We also found that access to media had a massive contribution towards the pro-rich inequity. Our analysis supported the hypothesis that compared to poorest women, wealthier women were more privileged to have access to more than one medium of information. Generally, access to media opens avenues to gather more information about the availability of healthcare services and benefits associated with its utilisation. Between 2005 and 06 and 2015-16, the contribution of access to media has increased by three times in high focus group states. Our results were comparable to the findings of [50, 51].

This study also showed that community literacy had a significant contribution towards pro-rich inequity in the utilisation of CMHS It could be possibly because the concentration of illiterate women in the community indicates problems of limited awareness, lower autonomy and higher incidence of child marriages. These factors together correspond to low decision-making capacity related to healthcare access. Our results were consistent with the findings of Singh and others [57] who revealed that prevalence of higher levels of community poverty and lower levels community education is related to lower utilisation of maternal healthcare services. Finally, access related barriers had significant contribution in the pro-rich inequity in the pre-reform period at national level and in high-focus group states, the contribution of these variables reduced in the post reform period indicating that, NRHM had made some contribution in reducing access related barriers in high-focus group states of India.

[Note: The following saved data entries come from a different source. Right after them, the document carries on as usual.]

Lemma raccepts_from_trace_shift n1 n2 i j :
  n1 <= n2 -> (trace n1).1 = (trace n2).1 -> n2 < i -> n2 < j ->
  raccepts_from (rq0 A, ab_word (i + ((trace n2).2.1 - (trace n1).2.1))
                                (j + ((trace n2).2.2 - (trace n1).2.2)))
  <-> raccepts_from (rq0 A, ab_word i j).
Proof.
move=> le12 Ectrl lt2i lt2j.
have [mono_a mono_b] := trace_read_mono n1 (n2 - n1).
rewrite subnKC // in mono_a mono_b.
have := trace_read n1; have := trace_read n2.
rewrite (raccepts_from_trace (k := n2)); try lia.
rewrite (raccepts_from_trace (k := n1)); try lia.
rewrite /trace_config Ectrl; move: mono_a mono_b.
case: (trace n1).2 => a1 b1; case: (trace n2).2 => a2 b2 /= mono_a mono_b read2 read1.
have -> : i + (a2 - a1) - a2 = i - a1 by lia.
by have -> : j + (b2 - b1) - b2 = j - b1 by lia.
Qed.

End BlockRuns.

Lemma ab_abb_not_ROWJ : ~ ROWJ (gaccepts ab_abb).
Proof.
case=> A HA.
have acc i j : 0 < i -> raccepts_from (rq0 A, ab_word i j) <-> j = i \/ j = i * 2.
  by move=> i_gt0; apply: iff_trans (iff_sym (HA _)) (gaccepts_ab_word j i_gt0).
have [n1 [n2 [lt12 _ Ectrl]]] := pigeonhole_nat (fun k => (trace A k).1).
case Emove: (block_move (trace A n1).1) => [s|]; last first.
  have := (acc n1.+1 n1.+1 isT).2 (or_introl erefl).
  move/(raccepts_from_trace A (ltnSn n1) (ltnSn n1)).
  apply: raccepts_from_dead (block_move_dead Emove) _.
  by rewrite -size_eq0 size_block_word; have := trace_read A n1; lia.
have [read_a read_b] := trace_read_mono A n1.+1 (n2 - n1.+1).
rewrite subnKC //= Emove /= in read_a read_b.
have shift := raccepts_from_trace_shift (ltnW lt12) Ectrl.
pose M := (n2 + (trace A n2).2.1 + (trace A n2).2.2).+1.
have lt2M : n2 < M by rewrite ltnS -addnA leq_addr.
have /(shift _ _ lt2M lt2M)/acc eq1 := (acc M M isT).2 (or_introl erefl).
have /(shift _ _ lt2M)/acc eq2 := (acc M (M * 2) isT).2 (or_intror erefl).
by move: eq1 eq2 read_a read_b; rewrite /M; case: s.2 => /=; lia.
Qed.

Theorem lemma1 :
  (forall (S : finType) (L : language S), ROWJ L -> GRLOWJ L) /\
  (exists (S : finType) (L : language S), GRLOWJ L /\ ~ ROWJ L).
Proof.
split; first exact: ROWJ_GRLOWJ.
exists bool, (gaccepts ab_abb); split; last exact: ab_abb_not_ROWJ.
by exists ab_abb.
Qed.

Conclusion and policy recommendations

We observed that inequity in the utilization of CMHS increased between 2005 and 06 and 2015-16. Prominent variations were witnessed across interventions and states. In some states, the level of inequity in the utilization of CMHS reduced, while in others it increased. Across interventions, the pro-rich inequity in ANC increased, whereas for SBA and PNC, the pro-rich inequity witnessed a fall. Important contributing factors for pro-rich inequity were access to media exposure, mother’s education and community level education. On the basis of these findings, we suggest following policy recommendations.

The level of inequity increased between 2005 and 06 and 2015-16 calling for some immediate policy recommendations. First, it is important to undertake immediate steps to increase the utilization of ANC services among poor women. Both state and central government might consider expanding financial incentives for availing ANC services. Outreach programs can be upscaled to provide access to adequate ANC services which entails multiple visits to the facility. Democratization of decentralization as adopted by southern states can be followed by other states as well. Greater contribution of exposure to media and mother’s education indicates the crucial role played by dissemination of knowledge and information related to the benefits of CMHS among poor woman. Government might adopt innovative strategies like advertising on local channels, conducting campaigns and folk shows at village level to spread awareness. Finally, the role of ASHA worker can be strengthened by providing competitive wages and providing proper training facilities to them.

Inequity in the utilization of choice of provider for continuum of maternal health care services is more likely to provide deeper insights into it, but we were unable to estimate that, as it requires information about the range of provider choice which is not captured in NFHS dataset.